いつみても適当

ブログです。

鼻くそを食べてたら弾劾裁判にかけられた

多くの人が経験しているかもしれないが、私も幼いころ鼻くそをよくほじくっていた。それだけでは飽き足らず、なんと私はそれを少しかじりもしていた。

 

今思うとなぜ人差し指についた、なんとも言えない色の粘り気のある物体を口に運んでいたのか、その理由はよくわからない。でもまあやっていた。

 

結局今もたまに鼻はほじくっているものの、私は小学校高学年に入る前に車の排気ガスにまみれていたり、得体のしれない汚れにまみれていたりする鼻くそを食べるという行為は普通に考えてちょっと危ない、という当たり前のことに気づき、鼻くそを食べることは意識的にやめるようにした。

 

ただ、鼻くそを食べることをやめることになった遠因はもう一つある。それはクラスで弾劾裁判にかけられたからだ。

 

運動がうまくできなかったり、鼻くそをほ行ったりとはたから見ればおそらく奇異なことをしていた私は当時嘲笑の対象になっていた。
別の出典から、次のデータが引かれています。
(* Let $\mathbf{c}=\mathbf{a}+\mathbf{b}$. For every homogeneous polynomial $w\in\mathbb{Z}\langle \mathbf{a},\mathbf{b}\rangle$ of degree $n$ the following identities hold in $\mathbb{Z}[q]$: \begin{align*} \Theta(w\cdot \mathbf{c}) &= (1+q^{n+1})\cdot\Theta(w),\\ \Theta(G(w)) &= q\cdot [n]\cdot \Theta(w),\\ \Theta(\mathrm{Pyr}(w)) &= [n+2]\cdot\Theta(w),\\ \Theta(\mathrm{Bipyr}(w)) &= [2]\cdot[n+1]\cdot\Theta(w). \end{align*}
   Context: $\mathbb{Z}\langle \mathbf{a},\mathbf{b}\rangle$ is the ring of polynomials in the non-commuting variables $\mathbf{a},\mathbf{b}$. The Major MacMahon map $\Theta:\mathbb{Z}\langle \mathbf{a},\mathbf{b}\rangle\to\mathbb{Z}[q]$ is the $\mathbb{Z}$-linear map defined on monomials $w=u_1u_2\cdots u_n$ (each $u_i\in\{\mathbf{a},\mathbf{b}\}$) by $\Theta(w)=\prod_{i:\,u_i=\mathbf{b}} q^{i}$ (so $\Theta(1)=1$). For $m\ge 0$, $[m]=1+q+\cdots+q^{m-1}$ (so $[0]=0$). $G$ and $D$ are the derivations of $\mathbb{Z}\langle \mathbf{a},\mathbf{b}\rangle$ (linear maps satisfying $X(uv)=X(u)v+uX(v)$) determined by $G(\mathbf{a})=\mathbf{b}\mathbf{a}$, $G(\mathbf{b})=\mathbf{a}\mathbf{b}$, $D(\mathbf{a})=D(\mathbf{b})=\mathbf{a}\mathbf{b}+\mathbf{b}\mathbf{a}$, and $G(1)=D(1)=0$. The pyramid and bipyramid operators are the linear maps $\mathrm{Pyr}(w)=G(w)+w\cdot\mathbf{c}$ and $\mathrm{Bipyr}(w)=D(w)+\mathbf{c}\cdot w$. *)

From HB Require Import structures.
From mathcomp Require Import all_boot all_order all_algebra.
From mathcomp Require Import finmap monalg.
Set Implicit Arguments. Unset Strict Implicit. Unset Printing Implicit Defensive.
Import GRing.Theory.
Local Open Scope ring_scope.

(* Letters: a is encoded as [false], b as [true].
   ZAB = Z<a,b> is the monoid algebra {malg int[{fmonom bool}]}
   (non-commutative polynomials in a, b with integer coefficients). *)
Definition ZAB := {malg int[{fmonom bool}]}.

Definition mon (s : seq bool) : ZAB := << FMonom s >>.

Definition va : ZAB := mon [:: false].
Definition vb : ZAB := mon [:: true].
Definition vc : ZAB := va + vb.

Definition theta_word (m : {fmonom bool}) : {poly int} :=
  \prod_(i < size m | nth false m i) 'X^(i.+1).

Definition Theta (w : ZAB) : {poly int} :=
  \sum_(k <- msupp w) (w@_k)%:P * theta_word k.

Definition qint (m : nat) : {poly int} := \sum_(i < m) 'X^i.

(* The derivation X with X(letter x) = f x, on a word u_1...u_n:
   X(u_1...u_n) = sum_i u_1...u_(i-1) X(u_i) u_(i+1)...u_n  (Leibniz rule),
   extended Z-linearly; this is the unique derivation with these values. *)
Definition der_word (f : bool -> ZAB) (m : {fmonom bool}) : ZAB :=
  \sum_(i < size m) mon (take i m) * f (nth false m i) * mon (drop i.+1 m).

Definition der (f : bool -> ZAB) (w : ZAB) : ZAB :=
  \sum_(k <- msupp w) w@_k *: der_word f k.

Definition Gder : ZAB -> ZAB := der (fun x => if x then va * vb else vb * va).
Definition Dder : ZAB -> ZAB := der (fun _ => va * vb + vb * va).

Definition Pyr (w : ZAB) : ZAB := Gder w + w * vc.
Definition Bipyr (w : ZAB) : ZAB := Dder w + vc * w.

Definition homogeneous (n : nat) (w : ZAB) : Prop :=
  forall k : {fmonom bool}, k \in msupp w -> size k = n.

(* Theta is additive, and appending a letter to a word of length n multiplies its
   weight by 1 (for a) or by q^(n+1) (for b).  Since G, D and left multiplication by c
   are determined by their values on words, each identity only has to be checked on a
   single word u.  This is done by appending one letter at a time, using the Leibniz
   rule X(u x) = X(u) x + u X(x): the new terms are explicit monomials, and everything
   reduces to [n+1] = [n] + q^n = 1 + q [n].  Neither D(u) nor c u alone has weight
   proportional to Theta(u), so for Bipyr the two are carried through the induction
   together. *)

From HB Require Import structures.
From mathcomp Require Import all_boot all_order all_algebra.
From mathcomp Require Import finmap monalg.
From mathcomp Require Import ring.
Local Open Scope ring_scope.
Import GRing.Theory.

HB.instance Definition _ :=
  GRing.Additive.copy Theta (mmap (@polyC int) theta_word).

Lemma Theta_scale (c : int) (w : ZAB) : Theta (c *: w) = c%:P * Theta w.
Proof.
rewrite [LHS](mmapEw (msuppZ_le c w)) big_distrr /=.
by apply: eq_bigr => k _; rewrite mcoeffZ polyCM mulrA.
Qed.

Lemma mon_nil : mon [::] = 1.
Proof. by apply/malgP => k; rewrite mcoeff1 /mon -fmoneE mcoeffU1 eq_sym. Qed.

Lemma mon_cat (s t : seq bool) : mon s * mon t = mon (s ++ t).
Proof. by rewrite /mon malgM_def fgmulUU mulr1; congr << _ >>; apply: val_inj; rewrite /= fmM. Qed.

Lemma monalgU_mon (c : int) (k : {fmonom bool}) : << c *g k >> = c *: mon k.
Proof. by apply/malgP => k'; rewrite mcoeffZ /mon fmK mcoeffU1 mcoeffU mulr_natr. Qed.

Lemma scalerAr_int (c : int) (x y : ZAB) : c *: (x * y) = x * (c *: y).
Proof. by rewrite -[c]intz !scaler_int mulrzAr. Qed.

Lemma Theta_mon (s : seq bool) : Theta (mon s) = theta_word (FMonom s).
Proof. by rewrite /Theta /mon msuppU1 big_seq_fset1 mcoeffU1 eqxx mul1r. Qed.

(* The weight of letter [x] at 0-based position [i], i.e. at position [i+1] of the word. *)
Definition theta_letter (i : nat) (x : bool) : {poly int} := if x then 'X^(i.+1) else 1.

Lemma theta_letter_a i : theta_letter i false = 1. Proof. by []. Qed.

Lemma theta_letter_b i : theta_letter i true = 'X^(i.+1). Proof. by []. Qed.

Lemma theta_word_nil : theta_word (FMonom [::]) = 1.
Proof. by rewrite /theta_word big_ord0. Qed.

Lemma theta_word_rcons (s : seq bool) (x : bool) :
  theta_word (FMonom (rcons s x)) = theta_word (FMonom s) * theta_letter (size s) x.
Proof.
rewrite /theta_word /= size_rcons big_mkcond big_ord_recr /= nth_rcons ltnn eqxx.
rewrite [in RHS]big_mkcond; congr (_ * _).
by apply: eq_bigr => i _; rewrite nth_rcons ltn_ord.
Qed.

Lemma monalgE_mon (w : ZAB) : w = \sum_(k <- msupp w) w@_k *: mon k.
Proof. by rewrite {1}[w]monalgE; apply: eq_bigr => k _; rewrite monalgU_mon. Qed.

Lemma homogeneousD n (u v : ZAB) :
  homogeneous n u -> homogeneous n v -> homogeneous n (u + v).
Proof. by move=> hu hv k /(fsubsetP (msuppD_le u v)); rewrite inE => /orP[/hu|/hv]. Qed.

Lemma homogeneous_sum n (I : Type) (r : seq I) (P : pred I) (F : I -> ZAB) :
  (forall i, P i -> homogeneous n (F i)) -> homogeneous n (\sum_(i <- r | P i) F i).
Proof.
move=> hF; apply: big_ind => //; last exact: homogeneousD.
by move=> k; rewrite msupp0.
Qed.

Lemma homogeneous_monalgU (c : int) (k : {fmonom bool}) : homogeneous (size k) << c *g k >>.
Proof. by move=> k' /(fsubsetP msuppU_le); rewrite inE => /eqP ->. Qed.

Lemma homogeneous_mon (s : seq bool) : homogeneous (size s) (mon s).
Proof. exact: homogeneous_monalgU. Qed.

Lemma homogeneousM m n (u v : ZAB) :
  homogeneous m u -> homogeneous n v -> homogeneous (m + n) (u * v).
Proof.
move=> hu hv; rewrite malgME big_seq; apply: homogeneous_sum => k1 k1u.
rewrite big_seq; apply: homogeneous_sum => k2 k2v.
have -> : (m + n)%N = size (mmul k1 k2) by rewrite fmM size_cat (hu _ k1u) (hv _ k2v).
exact: homogeneous_monalgU.
Qed.

Lemma Theta_mulr_letter n (w : ZAB) (x : bool) : homogeneous n w ->
  Theta (w * mon [:: x]) = Theta w * theta_letter n x.
Proof.
move=> hw; rewrite {1}[w]monalgE_mon mulr_suml raddf_sum /= big_distrl /=.
rewrite !big_seq; apply: eq_bigr => k kw.
by rewrite -scalerAl mon_cat Theta_scale Theta_mon cats1 theta_word_rcons (hw _ kw) fmK mulrA.
Qed.

Lemma leibniz_sum_rcons (R : pzRingType) (T : Type) (x0 : T) (M : seq T -> R)
    (F : T -> R) (s : seq T) (x : T) :
  M [::] = 1 -> {morph M : u v / u ++ v >-> u * v} ->
  \sum_(i < size (rcons s x))
     M (take i (rcons s x)) * F (nth x0 (rcons s x) i) * M (drop i.+1 (rcons s x))
  = (\sum_(i < size s) M (take i s) * F (nth x0 s i) * M (drop i.+1 s)) * M [:: x]
    + M s * F x.
Proof.
move=> M0 Mcat; rewrite size_rcons big_ord_recr /= nth_rcons ltnn eqxx.
rewrite -[in take _ _]cats1 take_size_cat // drop_oversize ?size_rcons // M0 mulr1.
rewrite mulr_suml; congr (_ + _); apply: eq_bigr => i _.
rewrite drop_rcons // -cats1 takel_cat ?(ltnW (ltn_ord i)) // nth_cat ltn_ord.
by rewrite -cats1 Mcat mulrA.
Qed.

Lemma der_word_rcons (f : bool -> ZAB) (s : seq bool) (x : bool) :
  der_word f (FMonom (rcons s x)) = der_word f (FMonom s) * mon [:: x] + mon s * f x.
Proof. exact: leibniz_sum_rcons mon_nil (fun u v => esym (mon_cat u v)). Qed.

Lemma homogeneous_der_word (f : bool -> ZAB) (s : seq bool) :
  (forall x, homogeneous 2 (f x)) -> homogeneous (size s).+1 (der_word f (FMonom s)).
Proof.
move=> hf; elim/last_ind: s => [|s x IH]; first by rewrite /der_word big_ord0 => k; rewrite msupp0.
rewrite der_word_rcons size_rcons; apply: homogeneousD.
- by rewrite -addn1; apply: homogeneousM IH (homogeneous_mon _).
- by rewrite -addn2; apply: homogeneousM (homogeneous_mon _) (hf x).
Qed.

Definition monomial_linear (T : ZAB -> ZAB) : Prop :=
  forall w, T w = \sum_(k <- msupp w) w@_k *: T (mon k).

Lemma der_mon (f : bool -> ZAB) (s : seq bool) : der f (mon s) = der_word f (FMonom s).
Proof. by rewrite /der /mon msuppU1 big_seq_fset1 mcoeffU1 eqxx scale1r. Qed.

Lemma monomial_linear_der (f : bool -> ZAB) : monomial_linear (der f).
Proof. by move=> w; apply: eq_bigr => k _; rewrite der_mon fmK. Qed.

Lemma monomial_linear_mull (x : ZAB) : monomial_linear (fun w => x * w).
Proof.
move=> w; rewrite {1}[w]monalgE_mon mulr_sumr.
by apply: eq_bigr => k _; rewrite scalerAr_int.
Qed.

Lemma monomial_linearD (T1 T2 : ZAB -> ZAB) :
  monomial_linear T1 -> monomial_linear T2 -> monomial_linear (fun w => T1 w + T2 w).
Proof.
move=> h1 h2 w; rewrite h1 h2 -big_split.
by apply: eq_bigr => k _; rewrite scalerDr.
Qed.

Lemma Theta_monomial_linear (T : ZAB -> ZAB) (p : {poly int}) n (w : ZAB) :
  monomial_linear T -> homogeneous n w ->
  (forall s : seq bool, size s = n -> Theta (T (mon s)) = p * Theta (mon s)) ->
  Theta (T w) = p * Theta w.
Proof.
move=> hT hw hs; rewrite hT [in RHS](monalgE_mon w) !raddf_sum big_distrr /=.
rewrite !big_seq; apply: eq_bigr => k kw.
by rewrite !Theta_scale hs ?(hw _ kw) // mulrCA.
Qed.

Lemma qint0 : qint 0 = 0.
Proof. by rewrite /qint big_ord0. Qed.

Lemma qint2 : qint 2 = 1 + 'X.
Proof. by rewrite /qint !big_ord_recr big_ord0 /= add0r expr0 expr1. Qed.

Lemma qintSr n : qint n.+1 = qint n + 'X^n.
Proof. by rewrite /qint big_ord_recr. Qed.

Lemma qintSl n : qint n.+1 = 1 + 'X * qint n.
Proof.
rewrite /qint big_ord_recl expr0 big_distrr /=.
by congr (_ + _); apply: eq_bigr => i _; rewrite exprS.
Qed.

Lemma Theta_mon_rcons (s : seq bool) (x : bool) :
  Theta (mon (rcons s x)) = Theta (mon s) * theta_letter (size s) x.
Proof. by rewrite !Theta_mon theta_word_rcons. Qed.

Lemma Theta_mon_letter (x : bool) : Theta (mon [:: x]) = theta_letter 0 x.
Proof. by rewrite (Theta_mon_rcons [::]) Theta_mon theta_word_nil mul1r. Qed.

Lemma Theta_mon_mul_letter2 (s : seq bool) (y z : bool) :
  Theta (mon s * (mon [:: y] * mon [:: z])) =
  Theta (mon s) * theta_letter (size s) y * theta_letter (size s).+1 z.
Proof. by rewrite !mon_cat catA !cats1 !Theta_mon_rcons size_rcons. Qed.

Lemma homogeneous_mon2 (y z : bool) : homogeneous 2 (mon [:: y] * mon [:: z]).
Proof. exact: homogeneousM (homogeneous_mon [:: y]) (homogeneous_mon [:: z]). Qed.

Lemma homogeneous_vc : homogeneous 1 vc.
Proof. exact: homogeneousD (homogeneous_mon [:: false]) (homogeneous_mon [:: true]). Qed.

Lemma Theta_mulr_vc n (w : ZAB) : homogeneous n w ->
  Theta (w * vc) = (1 + 'X^(n.+1)) * Theta w.
Proof.
move=> hw; rewrite /vc /va /vb mulrDr raddfD /=.
(* The occurrence patterns stop [rewrite] from testing the other [Theta] subterms
   for convertibility, which unfolds products in the monoid algebra and is very slow. *)
rewrite [X in X + _](Theta_mulr_letter _ _ false hw).
rewrite [X in _ + X](Theta_mulr_letter _ _ true hw).
by rewrite theta_letter_a theta_letter_b -mulrDr mulrC.
Qed.

Lemma Theta_Gder_mon (s : seq bool) :
  Theta (Gder (mon s)) = 'X * qint (size s) * Theta (mon s).
Proof.
rewrite /Gder der_mon; elim/last_ind: s => [|s x IH].
  by rewrite /der_word big_ord0 raddf0 qint0 mulr0 mul0r.
have hG y : homogeneous 2 (if y then va * vb else vb * va) by case: y; apply: homogeneous_mon2.
rewrite der_word_rcons raddfD /=.
rewrite [X in X + _](Theta_mulr_letter _ _ _ (homogeneous_der_word _ _ hG)).
rewrite [X in X * _ + _]IH [in RHS]Theta_mon_rcons size_rcons.
case: x; rewrite [X in _ + X]Theta_mon_mul_letter2 ?theta_letter_a ?theta_letter_b.
- by rewrite qintSl !exprS; ring.
- by rewrite qintSr !exprS; ring.
Qed.

Lemma Theta_mon_mul_ab_ba (s : seq bool) :
  Theta (mon s * (va * vb + vb * va)) =
  Theta (mon s) * (theta_letter (size s) false * theta_letter (size s).+1 true
                   + theta_letter (size s) true * theta_letter (size s).+1 false).
Proof.
rewrite mulrDr raddfD /= [X in X + _]Theta_mon_mul_letter2 [X in _ + X]Theta_mon_mul_letter2.
by rewrite mulrDr !mulrA.
Qed.

Lemma Theta_Bipyr_mon (s : seq bool) :
  Theta (Bipyr (mon s)) = qint 2 * qint (size s).+1 * Theta (mon s).
Proof.
rewrite /Bipyr /Dder der_mon; elim/last_ind: s => [|s x IH].
  rewrite /der_word big_ord0 add0r [in LHS]mon_nil mulr1 /vc /va /vb raddfD /=.
  rewrite [X in X + _]Theta_mon_letter [X in _ + X]Theta_mon_letter.
  rewrite theta_letter_a theta_letter_b Theta_mon theta_word_nil qint2.
  by rewrite /qint big_ord1 expr0 !mulr1 expr1.
have hD (_ : bool) : homogeneous 2 (va * vb + vb * va).
  exact: homogeneousD (homogeneous_mon2 false true) (homogeneous_mon2 true false).
have hvc : homogeneous (size s).+1 (vc * mon s).
  exact: homogeneousM homogeneous_vc (homogeneous_mon s).
have -> : vc * mon (rcons s x) = vc * mon s * mon [:: x].
  by rewrite -cats1 -mon_cat; exact: mulrA.
rewrite raddfD /= in IH.
rewrite der_word_rcons raddfD /= [X in X + _]raddfD /=.
rewrite [X in X + _ + _](Theta_mulr_letter _ _ _ (homogeneous_der_word _ _ hD)).
rewrite [X in _ + X](Theta_mulr_letter _ _ _ hvc) [X in _ + X + _]Theta_mon_mul_ab_ba.
have -> : Theta (der_word (fun=> va * vb + vb * va) (FMonom s))
          = qint 2 * qint (size s).+1 * Theta (mon s) - Theta (vc * mon s).
  by rewrite -IH addrK.
rewrite [in RHS]Theta_mon_rcons size_rcons qint2.
case: x; rewrite ?theta_letter_a ?theta_letter_b.
- by rewrite (qintSl (size s).+1) !exprS; ring.
- by rewrite (qintSr (size s).+1) !exprS; ring.
Qed.

Theorem mainTheorem1 (n : nat) (w : ZAB) :
  homogeneous n w ->
  [/\ Theta (w * vc) = (1 + 'X^(n.+1)) * Theta w,
      Theta (Gder w) = 'X * qint n * Theta w,
      Theta (Pyr w) = qint (n.+2) * Theta w
    & Theta (Bipyr w) = qint 2 * qint (n.+1) * Theta w].
Proof.
move=> hw; have hvc := Theta_mulr_vc _ _ hw.
have hG : Theta (Gder w) = 'X * qint n * Theta w.
  have hGl : monomial_linear Gder by exact: monomial_linear_der.
  apply: (Theta_monomial_linear _ _ _ _ hGl hw).
  by move=> s <-; apply: Theta_Gder_mon.
split => //.
- by rewrite /Pyr raddfD /= hG hvc qintSl qintSr !exprS; ring.
- have hBl : monomial_linear Bipyr.
    exact: monomial_linearD _ _ (monomial_linear_der _) (monomial_linear_mull vc).
  apply: (Theta_monomial_linear _ _ _ _ hBl hw).
  by move=> s <-; apply: Theta_Bipyr_mon.
Qed.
まあ今考えれば当たり前ではあるんだけれども。

 

「おい、鼻くそほじってんじゃねぇーよ(笑)」

 

みたいなもんである。

 

当時から鈍感だった私は「まあ色々いわれているなあ」くらいに思っていた。反論したり、変に静かにしたりしていたらからかいがあったのであろうが、からかう方はそれでは気に入らなかったらしい。ある日中心人物がホームルームの時間、唐突に

 

「先生、ようさん君がはなくそ食べるのやめろって言っているのにまだ食べてるんですけど(笑)」

 と言い出したのである。

 

私が通っていたクラスではホームルームの時間弾劾裁判のような時間が設けられていた。やれだれだれが掃除をさぼっただ、なになに君をだれだれをいじめていただ、そんなことをいうのである。今考えれば生徒にこれをさせる教師はどうかしているのだが、まあ仕方がない。それで小さな世界が回っていた。

 

そして、とうとうネタがなかったのか私の態度が気に食わなかったのか、私が鼻くそイーターであったことが理由で弾劾裁判が開かれてしまったのである。ただ今冷静に考えるとこんなこと実にくだらないので、笑ってまじめな内容に切り替えれば良かったはずなのだが、私の担任だった教師は違った。

 

「ようさん君、鼻くそを食べているのは本当ですか?」

 

普通だったら吹き出しそうなセリフを教師はよどみなく私にぶつけてきた。しかも目は真剣だった。「鼻くそを食べるなんて......私の教師生命にかけて、自分の生徒にそんなことはさせない!」そんな感じの決意がにじんでいた。

 

当時私は、いたいけな子供だったので「鼻くそを食べることはそんなに悪いことなのか」と自分の罪の重さにさいなまれそうになったのだが、今考えると実にくだらない。

 

ともあれ、私は弾劾裁判で自分が鼻くそを食べていることを認めた。鼻くそを食べること=悪であることはすでに一方的に決められており、罪を自ら認める形になってしまった私は「鼻くそを食べた」という罪状でむこう1か月鼻をほじくること及び食鼻くそを禁じられてしまったというわけである。

 

結局私はそんなことを無視して体育の時間や授業中のチョットした合間に鼻くそをほじっては口に運ぶということを続けていたわけではあるのだが......。

 

実際のところ、それからしばらくして弾劾裁判等関係のないところで冷静に考えた私は「なんか鼻くそを食うの違うな」という至極まっとうな結論にたどり着き、鼻くそを食べることをやめた。

 

 鼻くそはめちゃくちゃ汚い。しかもそれを食うのはなんか不気味、ダサい、ちょっと気持ち悪い。とかいう前に普通にやめておいた方がいいと思う。

 

ただ、やはり少数の嗜好を多数の人間が数の論理でやり込めるのはどうかしているような気もする。納得させるなら色々と合理的な話し合いを設けたって良かったように思う。

 

なんて思いながら実は私は今でも無意識に鼻くそをほじくった指を口に運んでしまうことがたまにある。もしかすると弾劾裁判にかけられた経験を思い出しているのは自分の行為を肯定しようとしているだけなのかもしれない。